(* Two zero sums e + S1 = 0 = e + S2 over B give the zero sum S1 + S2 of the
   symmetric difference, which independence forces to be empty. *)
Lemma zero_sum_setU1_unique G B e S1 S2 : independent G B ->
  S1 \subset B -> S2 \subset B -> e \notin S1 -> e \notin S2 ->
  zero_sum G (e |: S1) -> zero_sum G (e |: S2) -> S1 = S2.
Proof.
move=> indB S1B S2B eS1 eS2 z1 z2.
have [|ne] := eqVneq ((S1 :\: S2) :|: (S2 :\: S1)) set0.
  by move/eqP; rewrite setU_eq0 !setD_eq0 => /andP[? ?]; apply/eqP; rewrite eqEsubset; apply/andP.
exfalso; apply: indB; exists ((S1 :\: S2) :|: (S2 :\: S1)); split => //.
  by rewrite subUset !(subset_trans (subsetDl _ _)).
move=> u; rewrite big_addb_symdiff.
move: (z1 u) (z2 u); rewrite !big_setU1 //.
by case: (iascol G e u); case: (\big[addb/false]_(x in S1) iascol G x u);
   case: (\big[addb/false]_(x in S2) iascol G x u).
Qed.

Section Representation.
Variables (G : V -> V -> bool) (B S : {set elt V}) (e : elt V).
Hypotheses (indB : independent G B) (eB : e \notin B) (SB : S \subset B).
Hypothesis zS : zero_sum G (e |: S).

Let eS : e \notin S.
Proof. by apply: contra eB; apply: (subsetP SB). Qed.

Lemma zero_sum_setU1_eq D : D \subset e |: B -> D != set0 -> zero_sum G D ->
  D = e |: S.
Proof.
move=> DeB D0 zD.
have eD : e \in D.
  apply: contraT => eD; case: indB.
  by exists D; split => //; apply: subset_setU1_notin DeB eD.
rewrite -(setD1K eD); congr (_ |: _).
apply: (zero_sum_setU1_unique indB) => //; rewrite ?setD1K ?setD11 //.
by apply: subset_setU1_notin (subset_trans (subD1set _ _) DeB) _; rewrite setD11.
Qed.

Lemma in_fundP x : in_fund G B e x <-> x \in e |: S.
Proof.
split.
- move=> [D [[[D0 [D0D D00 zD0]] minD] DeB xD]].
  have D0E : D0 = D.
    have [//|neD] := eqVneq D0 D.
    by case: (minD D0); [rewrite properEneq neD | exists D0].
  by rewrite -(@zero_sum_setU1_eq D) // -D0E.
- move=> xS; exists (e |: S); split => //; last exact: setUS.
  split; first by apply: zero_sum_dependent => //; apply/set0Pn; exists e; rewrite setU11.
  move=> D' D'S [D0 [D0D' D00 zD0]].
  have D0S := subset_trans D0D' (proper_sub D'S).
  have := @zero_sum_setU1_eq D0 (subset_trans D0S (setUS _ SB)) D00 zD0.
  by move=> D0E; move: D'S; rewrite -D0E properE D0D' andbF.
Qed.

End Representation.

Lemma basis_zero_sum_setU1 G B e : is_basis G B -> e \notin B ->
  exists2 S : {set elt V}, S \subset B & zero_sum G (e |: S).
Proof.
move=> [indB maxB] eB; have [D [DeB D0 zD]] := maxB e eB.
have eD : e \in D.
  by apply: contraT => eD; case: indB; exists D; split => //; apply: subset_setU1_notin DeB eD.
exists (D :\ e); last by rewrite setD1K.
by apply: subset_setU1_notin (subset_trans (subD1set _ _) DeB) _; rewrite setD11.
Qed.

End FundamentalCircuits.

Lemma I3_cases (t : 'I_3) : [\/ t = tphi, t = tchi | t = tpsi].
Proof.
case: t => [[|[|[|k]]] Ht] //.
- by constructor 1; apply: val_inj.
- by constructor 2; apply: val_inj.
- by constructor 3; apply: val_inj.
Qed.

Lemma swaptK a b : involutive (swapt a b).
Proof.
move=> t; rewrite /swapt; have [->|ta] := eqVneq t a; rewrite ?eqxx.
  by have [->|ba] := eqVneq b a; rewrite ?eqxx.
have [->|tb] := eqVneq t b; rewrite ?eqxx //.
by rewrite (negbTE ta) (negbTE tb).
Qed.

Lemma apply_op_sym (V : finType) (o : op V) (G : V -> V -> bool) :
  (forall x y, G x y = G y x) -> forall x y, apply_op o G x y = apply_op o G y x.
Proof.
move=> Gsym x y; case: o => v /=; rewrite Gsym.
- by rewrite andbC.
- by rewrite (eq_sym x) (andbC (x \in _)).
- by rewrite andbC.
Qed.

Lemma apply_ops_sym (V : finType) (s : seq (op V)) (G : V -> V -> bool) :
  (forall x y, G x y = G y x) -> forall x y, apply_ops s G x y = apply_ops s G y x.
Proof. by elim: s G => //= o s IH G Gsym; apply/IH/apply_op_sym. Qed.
...
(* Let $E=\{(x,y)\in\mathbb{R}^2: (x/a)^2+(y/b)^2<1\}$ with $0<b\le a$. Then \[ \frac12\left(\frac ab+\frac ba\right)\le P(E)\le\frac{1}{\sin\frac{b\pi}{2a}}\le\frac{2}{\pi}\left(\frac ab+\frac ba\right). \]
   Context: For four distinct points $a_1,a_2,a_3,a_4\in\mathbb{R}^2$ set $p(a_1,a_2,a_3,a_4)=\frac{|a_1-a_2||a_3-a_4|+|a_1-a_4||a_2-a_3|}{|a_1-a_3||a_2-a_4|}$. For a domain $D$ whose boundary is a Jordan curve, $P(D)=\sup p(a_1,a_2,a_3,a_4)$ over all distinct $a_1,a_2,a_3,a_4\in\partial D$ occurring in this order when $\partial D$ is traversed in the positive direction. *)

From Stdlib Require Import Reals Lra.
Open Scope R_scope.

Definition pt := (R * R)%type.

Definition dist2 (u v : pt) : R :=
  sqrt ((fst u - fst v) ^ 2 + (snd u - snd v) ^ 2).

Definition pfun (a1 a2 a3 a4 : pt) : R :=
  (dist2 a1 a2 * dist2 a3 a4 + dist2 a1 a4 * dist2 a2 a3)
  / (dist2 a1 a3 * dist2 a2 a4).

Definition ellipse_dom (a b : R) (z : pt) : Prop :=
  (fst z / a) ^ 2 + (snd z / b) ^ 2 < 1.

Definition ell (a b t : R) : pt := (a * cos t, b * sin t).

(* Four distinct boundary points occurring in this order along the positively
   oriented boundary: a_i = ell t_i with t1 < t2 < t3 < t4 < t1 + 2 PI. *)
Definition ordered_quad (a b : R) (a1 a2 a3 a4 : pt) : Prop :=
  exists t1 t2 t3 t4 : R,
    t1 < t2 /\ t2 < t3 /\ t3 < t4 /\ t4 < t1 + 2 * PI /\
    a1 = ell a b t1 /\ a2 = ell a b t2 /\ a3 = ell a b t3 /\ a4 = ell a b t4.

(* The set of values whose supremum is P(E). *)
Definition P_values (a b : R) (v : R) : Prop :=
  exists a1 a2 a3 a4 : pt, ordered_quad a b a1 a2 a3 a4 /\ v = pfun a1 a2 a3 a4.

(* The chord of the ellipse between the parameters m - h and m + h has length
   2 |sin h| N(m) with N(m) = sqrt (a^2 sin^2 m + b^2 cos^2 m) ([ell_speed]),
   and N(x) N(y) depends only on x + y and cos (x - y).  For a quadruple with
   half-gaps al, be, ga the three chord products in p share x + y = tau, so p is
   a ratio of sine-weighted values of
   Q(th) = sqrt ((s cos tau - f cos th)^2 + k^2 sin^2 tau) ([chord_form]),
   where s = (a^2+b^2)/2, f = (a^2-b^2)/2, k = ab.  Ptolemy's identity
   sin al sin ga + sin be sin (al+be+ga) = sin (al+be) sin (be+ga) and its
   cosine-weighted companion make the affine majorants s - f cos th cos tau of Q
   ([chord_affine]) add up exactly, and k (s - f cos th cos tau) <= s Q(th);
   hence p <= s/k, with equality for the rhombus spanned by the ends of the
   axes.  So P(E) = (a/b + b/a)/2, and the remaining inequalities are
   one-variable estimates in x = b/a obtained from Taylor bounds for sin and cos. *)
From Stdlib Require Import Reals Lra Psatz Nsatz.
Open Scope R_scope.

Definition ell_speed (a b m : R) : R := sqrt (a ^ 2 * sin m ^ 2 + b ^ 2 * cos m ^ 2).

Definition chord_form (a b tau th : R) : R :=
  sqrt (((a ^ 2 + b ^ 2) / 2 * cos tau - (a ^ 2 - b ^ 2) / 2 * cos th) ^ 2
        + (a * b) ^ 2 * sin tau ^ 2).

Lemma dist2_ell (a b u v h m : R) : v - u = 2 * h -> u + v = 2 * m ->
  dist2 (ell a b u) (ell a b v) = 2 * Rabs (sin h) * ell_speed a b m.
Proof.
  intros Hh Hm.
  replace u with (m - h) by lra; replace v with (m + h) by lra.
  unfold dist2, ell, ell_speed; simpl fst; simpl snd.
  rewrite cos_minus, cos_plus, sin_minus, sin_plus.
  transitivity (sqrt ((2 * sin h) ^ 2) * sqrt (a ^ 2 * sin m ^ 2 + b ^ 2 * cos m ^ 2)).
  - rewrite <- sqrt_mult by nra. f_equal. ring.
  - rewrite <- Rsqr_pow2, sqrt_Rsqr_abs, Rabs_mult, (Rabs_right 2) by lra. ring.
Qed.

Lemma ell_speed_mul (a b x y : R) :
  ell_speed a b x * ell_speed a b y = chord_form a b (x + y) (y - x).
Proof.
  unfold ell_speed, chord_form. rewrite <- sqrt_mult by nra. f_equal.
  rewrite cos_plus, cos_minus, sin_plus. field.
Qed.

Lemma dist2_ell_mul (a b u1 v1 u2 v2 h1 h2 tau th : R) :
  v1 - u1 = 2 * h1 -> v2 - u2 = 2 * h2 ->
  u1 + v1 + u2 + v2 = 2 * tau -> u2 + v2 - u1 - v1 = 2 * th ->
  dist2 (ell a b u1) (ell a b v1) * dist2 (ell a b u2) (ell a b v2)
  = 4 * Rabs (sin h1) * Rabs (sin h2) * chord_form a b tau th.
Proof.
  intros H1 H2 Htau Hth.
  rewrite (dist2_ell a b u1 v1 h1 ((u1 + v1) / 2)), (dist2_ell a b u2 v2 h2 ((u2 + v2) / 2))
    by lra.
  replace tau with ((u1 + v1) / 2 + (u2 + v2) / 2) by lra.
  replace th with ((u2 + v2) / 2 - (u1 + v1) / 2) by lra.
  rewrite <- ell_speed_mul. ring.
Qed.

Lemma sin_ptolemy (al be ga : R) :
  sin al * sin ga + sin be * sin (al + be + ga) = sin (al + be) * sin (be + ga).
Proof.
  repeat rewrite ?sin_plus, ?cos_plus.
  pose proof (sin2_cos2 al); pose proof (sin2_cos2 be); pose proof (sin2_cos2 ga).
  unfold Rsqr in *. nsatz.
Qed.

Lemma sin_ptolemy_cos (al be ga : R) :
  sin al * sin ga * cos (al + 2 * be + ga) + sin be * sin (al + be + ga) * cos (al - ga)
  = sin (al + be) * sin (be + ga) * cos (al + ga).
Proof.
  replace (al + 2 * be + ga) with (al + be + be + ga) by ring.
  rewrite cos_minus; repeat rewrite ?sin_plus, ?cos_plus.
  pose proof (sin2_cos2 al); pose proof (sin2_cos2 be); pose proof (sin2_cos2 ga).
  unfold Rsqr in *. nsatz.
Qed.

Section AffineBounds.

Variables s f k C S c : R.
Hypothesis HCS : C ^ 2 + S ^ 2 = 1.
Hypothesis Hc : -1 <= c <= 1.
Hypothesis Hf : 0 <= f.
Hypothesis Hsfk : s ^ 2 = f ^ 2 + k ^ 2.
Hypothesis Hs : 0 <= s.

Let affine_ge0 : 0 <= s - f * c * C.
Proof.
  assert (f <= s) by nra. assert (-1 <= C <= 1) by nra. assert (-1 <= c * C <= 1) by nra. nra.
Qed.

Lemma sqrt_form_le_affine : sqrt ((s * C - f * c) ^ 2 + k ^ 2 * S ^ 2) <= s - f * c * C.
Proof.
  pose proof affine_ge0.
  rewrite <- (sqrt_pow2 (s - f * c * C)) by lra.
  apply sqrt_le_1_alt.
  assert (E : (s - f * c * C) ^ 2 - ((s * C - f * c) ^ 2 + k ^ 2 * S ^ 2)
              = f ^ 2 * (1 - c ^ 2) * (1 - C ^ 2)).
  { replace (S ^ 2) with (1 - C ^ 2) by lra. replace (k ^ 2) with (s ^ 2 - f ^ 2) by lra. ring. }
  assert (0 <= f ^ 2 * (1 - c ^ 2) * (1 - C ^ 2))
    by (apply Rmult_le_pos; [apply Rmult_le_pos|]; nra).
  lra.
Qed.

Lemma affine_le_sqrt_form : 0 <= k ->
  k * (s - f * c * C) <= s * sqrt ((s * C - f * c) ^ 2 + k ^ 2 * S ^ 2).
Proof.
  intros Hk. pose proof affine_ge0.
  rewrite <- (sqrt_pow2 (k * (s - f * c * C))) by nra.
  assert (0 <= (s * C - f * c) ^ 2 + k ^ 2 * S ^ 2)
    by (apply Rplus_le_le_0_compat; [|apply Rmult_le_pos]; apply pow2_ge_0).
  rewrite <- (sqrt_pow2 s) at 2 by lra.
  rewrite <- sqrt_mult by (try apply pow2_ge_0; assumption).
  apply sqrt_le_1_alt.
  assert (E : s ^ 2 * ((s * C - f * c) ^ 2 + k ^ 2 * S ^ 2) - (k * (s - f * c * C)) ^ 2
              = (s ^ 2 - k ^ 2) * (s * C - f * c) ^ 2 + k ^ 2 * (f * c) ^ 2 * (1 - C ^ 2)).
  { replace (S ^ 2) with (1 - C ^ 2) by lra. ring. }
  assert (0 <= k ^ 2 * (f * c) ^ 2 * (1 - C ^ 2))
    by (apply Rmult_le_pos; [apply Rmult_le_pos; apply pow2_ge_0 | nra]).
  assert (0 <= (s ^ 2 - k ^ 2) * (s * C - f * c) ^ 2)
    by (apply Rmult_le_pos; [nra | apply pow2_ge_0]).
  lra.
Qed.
...
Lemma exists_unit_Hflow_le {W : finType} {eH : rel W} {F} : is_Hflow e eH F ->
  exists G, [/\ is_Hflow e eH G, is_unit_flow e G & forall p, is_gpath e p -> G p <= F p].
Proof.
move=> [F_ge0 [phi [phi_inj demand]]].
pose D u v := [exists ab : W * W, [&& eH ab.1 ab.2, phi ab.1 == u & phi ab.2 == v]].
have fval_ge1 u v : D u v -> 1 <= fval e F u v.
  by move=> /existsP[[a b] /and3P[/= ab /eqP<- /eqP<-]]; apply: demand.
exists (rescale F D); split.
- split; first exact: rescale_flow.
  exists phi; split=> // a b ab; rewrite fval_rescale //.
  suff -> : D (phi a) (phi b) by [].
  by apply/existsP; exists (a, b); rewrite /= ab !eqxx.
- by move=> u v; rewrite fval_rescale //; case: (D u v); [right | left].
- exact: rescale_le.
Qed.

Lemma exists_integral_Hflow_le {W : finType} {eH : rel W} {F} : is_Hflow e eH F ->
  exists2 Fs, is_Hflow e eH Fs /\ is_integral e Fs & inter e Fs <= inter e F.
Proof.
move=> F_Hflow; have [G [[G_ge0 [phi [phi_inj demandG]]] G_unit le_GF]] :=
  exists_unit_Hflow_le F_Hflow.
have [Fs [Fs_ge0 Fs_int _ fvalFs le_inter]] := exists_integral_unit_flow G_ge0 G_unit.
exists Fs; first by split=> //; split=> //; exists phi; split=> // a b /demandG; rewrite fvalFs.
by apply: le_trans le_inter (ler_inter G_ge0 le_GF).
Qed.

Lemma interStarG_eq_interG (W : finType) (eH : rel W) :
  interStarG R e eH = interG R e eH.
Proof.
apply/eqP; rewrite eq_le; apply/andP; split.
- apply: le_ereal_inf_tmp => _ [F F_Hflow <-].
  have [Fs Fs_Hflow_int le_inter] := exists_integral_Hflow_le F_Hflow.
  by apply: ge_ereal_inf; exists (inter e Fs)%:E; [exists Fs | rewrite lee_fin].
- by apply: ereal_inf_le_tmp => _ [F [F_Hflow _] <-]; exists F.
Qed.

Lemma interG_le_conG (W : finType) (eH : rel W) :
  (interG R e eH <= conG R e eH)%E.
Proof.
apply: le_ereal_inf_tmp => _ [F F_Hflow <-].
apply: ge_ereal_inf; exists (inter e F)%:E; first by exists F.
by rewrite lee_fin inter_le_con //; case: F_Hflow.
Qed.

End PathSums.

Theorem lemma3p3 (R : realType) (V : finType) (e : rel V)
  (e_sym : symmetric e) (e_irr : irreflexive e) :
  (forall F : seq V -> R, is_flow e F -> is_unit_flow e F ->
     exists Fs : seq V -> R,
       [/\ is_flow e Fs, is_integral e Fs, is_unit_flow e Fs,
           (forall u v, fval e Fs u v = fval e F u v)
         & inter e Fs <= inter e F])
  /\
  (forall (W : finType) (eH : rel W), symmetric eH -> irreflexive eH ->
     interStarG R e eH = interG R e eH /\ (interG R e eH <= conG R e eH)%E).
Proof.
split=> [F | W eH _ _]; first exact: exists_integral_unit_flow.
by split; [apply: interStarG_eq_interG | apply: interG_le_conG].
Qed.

- **What you have to do**:
Please transcribe only the lines in the records above running from the line that has "Hypothesis Hsfk : s ^ 2 = f ^ 2 + k ^ 2." through the line that has "Lemma affine_le_sqrt_form : 0 <= k ->", both included, exactly as they appear.

- **Exercise answer**:
Hypothesis Hsfk : s ^ 2 = f ^ 2 + k ^ 2.
Hypothesis Hs : 0 <= s.

Let affine_ge0 : 0 <= s - f * c * C.
Proof.
  assert (f <= s) by nra. assert (-1 <= C <= 1) by nra. assert (-1 <= c * C <= 1) by nra. nra.
Qed.

Lemma sqrt_form_le_affine : sqrt ((s * C - f * c) ^ 2 + k ^ 2 * S ^ 2) <= s - f * c * C.
Proof.
  pose proof affine_ge0.
  rewrite <- (sqrt_pow2 (s - f * c * C)) by lra.
  apply sqrt_le_1_alt.
  assert (E : (s - f * c * C) ^ 2 - ((s * C - f * c) ^ 2 + k ^ 2 * S ^ 2)
              = f ^ 2 * (1 - c ^ 2) * (1 - C ^ 2)).
  { replace (S ^ 2) with (1 - C ^ 2) by lra. replace (k ^ 2) with (s ^ 2 - f ^ 2) by lra. ring. }
  assert (0 <= f ^ 2 * (1 - c ^ 2) * (1 - C ^ 2))
    by (apply Rmult_le_pos; [apply Rmult_le_pos|]; nra).
  lra.
Qed.

Lemma affine_le_sqrt_form : 0 <= k ->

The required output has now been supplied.